Safety, Tolerability, and Hepatic Considerations
Fenebrutinib was generally well-tolerated. During the 12-week double-blind phase, adverse events (AEs) were slightly more frequent in the fenebrutinib group than in the placebo group. The most notable AEs included hepatic enzyme elevations (6% in the fenebrutinib group vs. 0% in the placebo group), headache (4% vs. 3%), and nasopharyngitis (3% vs. 0%).
The hepatic enzyme elevations were asymptomatic and reversible upon treatment discontinuation or, in some cases, resolved while continuing treatment. There were no serious adverse events (SAEs) or deaths reported during the trial. However, given that other BTK inhibitors have been associated with drug-induced liver injury (DILI) in larger trials, the hepatic signal in FENopta remains a point of clinical focus for the ongoing Phase 3 programs (FENhance and FENtrepid).

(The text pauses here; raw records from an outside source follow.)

(* Consider a matched pair study and assume Fisher's null $H_0$ holds. Let $\alpha\in(0,1)$ and, for $\Gamma_0\in[1,\infty]$ and $1\le k\le I$, let $\mathcal S_{\Gamma_0;k}=\{\Gamma\in[1,\infty]^I:\Gamma_{(k)}\le\Gamma_0\}$, where $\Gamma_{(k)}$ is the $k$th smallest coordinate of $\Gamma$. Then $$\bigcap_{k=1}^I\ \bigcap_{\Gamma_0:\overline p_{\Gamma_0;k}\le\alpha}\mathcal S_{\Gamma_0;k}^c=\bigcap_{\Gamma_0\ge1}\ \bigcap_{k:\overline p_{\Gamma_0;k}\le\alpha}\mathcal S_{\Gamma_0;k}^c=\bigcap_{(\Gamma_0,k):\overline p_{\Gamma_0;k}\le\alpha}\mathcal S_{\Gamma_0;k}^c,$$ where the first expression is the intersection over $k$ of the confidence sets $\{\Gamma^\star_{(k)}\in\{\Gamma_0:\overline p_{\Gamma_0;k}>\alpha\}\}$ rewritten as sets of $\Gamma^\star$ and the second is the intersection over $\Gamma_0$ of the confidence sets $\{I^\star(\Gamma_0)\in\{I-k:\overline p_{\Gamma_0;k}>\alpha\}\}$ rewritten as sets of $\Gamma^\star$. Moreover, $\mathbb P\big(\Gamma^\star\in\bigcap_{(\Gamma_0,k):\overline p_{\Gamma_0;k}\le\alpha}\mathcal S_{\Gamma_0;k}^c\big)\ge1-\alpha$; equivalently, with probability at least $1-\alpha$, $\overline p_{\Gamma^\star_{(k)};k}>\alpha$ simultaneously for all $1\le k\le I$.
   Context: Setting: $I$ matched pairs, potential outcomes fixed, $Z$ (one treated unit per pair) is the only randomness with true mechanism $\mathbb P(Z=z)=\prod_i\prod_j(p^\star_{ij})^{z_{ij}}$, $p^\star_{i1}+p^\star_{i2}=1$; true hidden bias $\Gamma^\star_i=\max_jp^\star_{ij}/\min_kp^\star_{ik}\in[1,\infty]$, $\Gamma^\star=(\Gamma^\star_1,\dots,\Gamma^\star_I)$, $\Gamma^\star_{(k)}$ its $k$th smallest value, $I^\star(\Gamma_0)=\#\{i:\Gamma^\star_i>\Gamma_0\}$. Fisher's null $H_0$: $Y_{ij}(1)=Y_{ij}(0)$ for all $i,j$. $T=\sum_i\sum_jZ_{ij}q_{ij}$ with $q_{ij}$ fixed functions of $Y(0)$. Fix an ordering of pairs by nondecreasing $|q_{i1}-q_{i2}|$; $\mathcal I_k$ is the first $k$ pairs. $\overline T(\Gamma_0;k)$ is a sum of independent variables: for $i\in\mathcal I_k$ it equals $\max\{q_{i1},q_{i2}\}$ with probability $\Gamma_0/(1+\Gamma_0)$ (probability 1 if $\Gamma_0=\infty$) and $\min\{q_{i1},q_{i2}\}$ otherwise; for $i\notin\mathcal I_k$ it equals $\max\{q_{i1},q_{i2}\}$ with probability 1. $\overline p_{\Gamma_0;k}=\mathbb P(\overline T(\Gamma_0;k)\ge c)|_{c=T}$; $\mathcal S^c$ denotes the complement in $[1,\infty]^I$. *)

From HB Require Import structures.
From mathcomp Require Import all_boot all_order all_algebra fingroup perm.
From mathcomp Require Import boolp classical_sets constructive_ereal reals.
Set Implicit Arguments. Unset Strict Implicit. Unset Printing Implicit Defensive.
Import Order.TTheory GRing.Theory Num.Theory.
Local Open Scope ring_scope.
Local Open Scope classical_set_scope.

Section MatchedPairs.
Variables (R : realType) (n : nat).

(* A treatment assignment: z i is the index (0 or 1, i.e. unit j=1 or j=2)
   of the treated unit in pair i.  (Z_{ij} = 1 iff z i = j.) *)
Definition assignment := {ffun 'I_n -> 'I_2}.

Expert Commentary: Mechanistic Insights and Clinical Context
Fenebrutinib’s performance in FENopta is particularly significant given the recent setbacks for other BTK inhibitors, such as evobrutinib, which failed to meet its primary endpoints in Phase 3 trials. Experts suggest that fenebrutinib’s high selectivity and its noncovalent, reversible binding mechanism may be key differentiators. By binding more selectively to BTK, fenebrutinib may minimize off-target inhibition of other kinases (such as TEC or EGFR), which are often linked to the side effects observed with earlier-generation covalent inhibitors.

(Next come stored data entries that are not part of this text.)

Lemma exists_notin_short n (pi : seq 'I_n) : size pi < n -> exists r, r \notin pi.
Proof.
move=> sp; apply/existsP; rewrite -negb_forall; apply: contraTN sp => /forallP allin.
rewrite -leqNgt (leq_trans _ (card_size pi)) // -{1}(card_ord n) subset_leq_card //.
by apply/subsetP => j _; apply: allin.
Qed.

Section Forcing.
Variables (n : nat) (f : BN n) (pi : seq 'I_n) (t : conf n).
Hypothesis F : forcing f pi t.

Lemma upd_agree_prefix pre suf i (x : conf n) : pi = pre ++ suf ->
  {in pre, x =1 t} -> {in pre, upd f i x =1 t}.
Proof.
move=> pi_eq xt j jpre; rewrite /upd setcE; case: (j =P i) => [<-|_]; last exact: xt.
case/splitPr: jpre pi_eq xt => pre1 pre2 pi_eq xt.
apply: (F (pre := pre1) (suf := pre2 ++ suf)); first by rewrite pi_eq -catA.
by move=> k kpre; apply: xt; rewrite mem_cat kpre.
Qed.

Lemma forcing_sync w pre suf (x : conf n) : pi = pre ++ suf -> {in pre, x =1 t} ->
  subseq suf w -> {in pi, upd_word f w x =1 t}.
Proof.
elim: w pre suf x => [|i w IH] pre suf x pi_eq xt.
  by rewrite subseq0 => /eqP suf0; rewrite pi_eq suf0 cats0.
have xt' := upd_agree_prefix i pi_eq xt.
case: suf pi_eq xt' => [|a suf] pi_eq xt' /=.
  by move=> _; apply: (IH pre [::]); rewrite ?sub0seq.
case: (a =P i) xt' => [<-|_] xt' sub; last exact: (IH pre (a :: suf)).
apply: (IH (rcons pre a) suf) => //; first by rewrite cat_rcons.
move=> j; rewrite mem_rcons inE => /orP[/eqP->|]; last exact: xt'.
by rewrite /upd setc_same; apply: F pi_eq x xt.
Qed.

Lemma forcing_fixed_in (y : conf n) : {in pi, y =1 t} -> {in pi, forall i, f y i = y i}.
Proof.
move=> yt i /mem_split[pre [suf pi_eq]]; rewrite (F pi_eq) ?yt ?pi_eq ?mem_cat ?mem_head ?orbT //.
by move=> k kpre; apply: yt; rewrite pi_eq mem_cat kpre.
Qed.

Furthermore, fenebrutinib achieves high concentrations in the cerebrospinal fluid (CSF). Given that MS progression is driven largely by CNS-resident cells, the ability of a BTK inhibitor to cross the blood-brain barrier and modulate microglia is a critical requirement for impacting long-term disability progression. While FENopta focused on relapsing MS, the real test for fenebrutinib will be its efficacy in non-relapsing progressive MS, where existing therapies are largely ineffective.
Study limitations include the relatively small sample size and the short duration of the placebo-controlled phase. While the MRI results are robust, radiographic suppression does not always correlate perfectly with long-term disability outcomes. The medical community awaits the Phase 3 results to confirm if these radiographic gains translate into significant reductions in disability accumulation.

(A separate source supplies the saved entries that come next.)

Lemma rcoder_fplusF_sub w :
  rcoder (fplusF f F) xb vb w
    `<=` setsumv (rcoder_fun f xb w) (rcoder F xb (vb - f xb) w).
Proof.
move=> u /rnormalE hu; set u1 := adjoint ('d f xb) w.
have hrem k (Om : set 'rV[R]_(n + m)) y0 : upper_o Om (row_mx xb y0)
    (fun z => dotv k (f (lsubmx z) - f xb - 'd f xb (lsubmx z - xb))).
  apply: (upper_o_comp (C := 1) _ ltr01 _ (upper_o_remainder df k)) => // z _ _.
  by rewrite mul1r enorm_lsubmxB.
exists u1; last exists (u - u1); last by rewrite addrC subrK.
- apply/rnormalE; apply: (upper_o_le (hrem (- w) (gph (sv f)) (f xb))).
  move=> _ [x [_ [-> ->]]].
  by rewrite row_mxB dotv_row_mx_adjoint row_mxKl dotvNl -dotvNr [in leRHS]opprB.
- apply/rnormalE.
  have hF : upper_o (gph F) (row_mx xb (vb - f xb))
      (fun z => dotv (row_mx u (- w)) (shear f z - row_mx xb vb)).
    apply: (upper_o_comp (C := 3 + 2 * l) _ r0 _ hu) => [|z Fz zr].
      by rewrite addr_ge0 ?mulr_ge0.
    split; first exact: gph_shear_fplusF.
    by rewrite -[X in row_mx xb X](subrK (f xb)); exact: (enorm_shearB l0 f_calm).
  apply: (upper_o_le (upper_oD hF (hrem w (gph F) (vb - f xb)))).
  move=> _ [x [y [Fy ->]]].
  rewrite /shear row_mxKl row_mxKr !row_mxB.
  have -> : y + f x - vb = (y - (vb - f xb)) + (f x - f xb).
    by apply/rowP => i; rewrite !mxE; ring.
  rewrite -[u in leRHS](subrK u1) [in leRHS]dotv_row_mx_split dotv_row_mx_adjoint.
  by rewrite -addrA -dotvDr -[X in dotv w (X + _)]opprB addNr dotv0r addr0.
Qed.

End SumRule.

Theorem lemma6p2 (R : realType) (n m : nat)
  (f : 'rV[R]_n -> 'rV[R]_m) (F : 'rV[R]_n -> set 'rV[R]_m)
  (xb : 'rV[R]_n) (vb : 'rV[R]_m) :
  fplusF f F xb vb ->
  (exists2 l : R, 0 < l &
     \forall x \near xb, enorm (f x - f xb) <= l * enorm (x - xb)) ->
  (forall w : 'rV[R]_m,
     setsumv (rcoder_fun f xb w) (rcoder F xb (vb - f xb) w)
       `<=` rcoder (fplusF f F) xb vb w) /\
  (differentiable f xb ->
   forall w : 'rV[R]_m,
     setsumv (rcoder_fun f xb w) (rcoder F xb (vb - f xb) w)
       = rcoder (fplusF f F) xb vb w).
Proof.
(* vb \in (f + F) xb only makes the base point meaningful; no step uses it. *)
move=> _ [l /ltW l0 /near_enorm[r r0 f_calm]].
have sum_sub := rcoder_sum_sub (F := F) (vb := vb) l0 r0 f_calm.
split=> [//|df w]; apply/seteqP; split; first exact: sum_sub.
exact: (rcoder_fplusF_sub (F := F) (vb := vb) l0 r0 f_calm df).
Qed.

Conclusion: The Future of Fenebrutinib in MS Care
The FENopta trial successfully demonstrated that fenebrutinib provides early and robust suppression of focal brain lesions in patients with relapsing MS. Its favorable safety profile and sustained efficacy during the open-label extension position it as a promising candidate in the evolving MS treatment paradigm. If Phase 3 trials confirm these findings and demonstrate an impact on disability progression, fenebrutinib could offer a vital new option for patients seeking therapies that target both peripheral and CNS-compartmentalized inflammation.
Funding and ClinicalTrials.gov
This study was funded by F. Hoffmann-La Roche. The trial is registered with ClinicalTrials.gov (NCT05119569) and EudraCT (2021-003772-14).
References
1. Bar-Or A, Dufek M, Budincevic H, et al. Safety and efficacy of fenebrutinib in relapsing multiple sclerosis (FENopta): a multicentre, double-blind, randomised, placebo-controlled, phase 2 trial and open-label extension study. Lancet Neurol. 2025 Aug;24(8):656-666. doi: 10.1016/S1474-4422(25)00174-7.
2. Krämer J, Bar-Or A, Nowane S, et al. Bruton tyrosine kinase inhibitors for multiple sclerosis. Nat Rev Neurol. 2023;19(11):675-704.
3. Montalban X, Arnold DL, Weber MS, et al. Placebo-Controlled Trial of an Oral BTK Inhibitor in Multiple Sclerosis. N Engl J Med. 2019;380(25):2406-2417.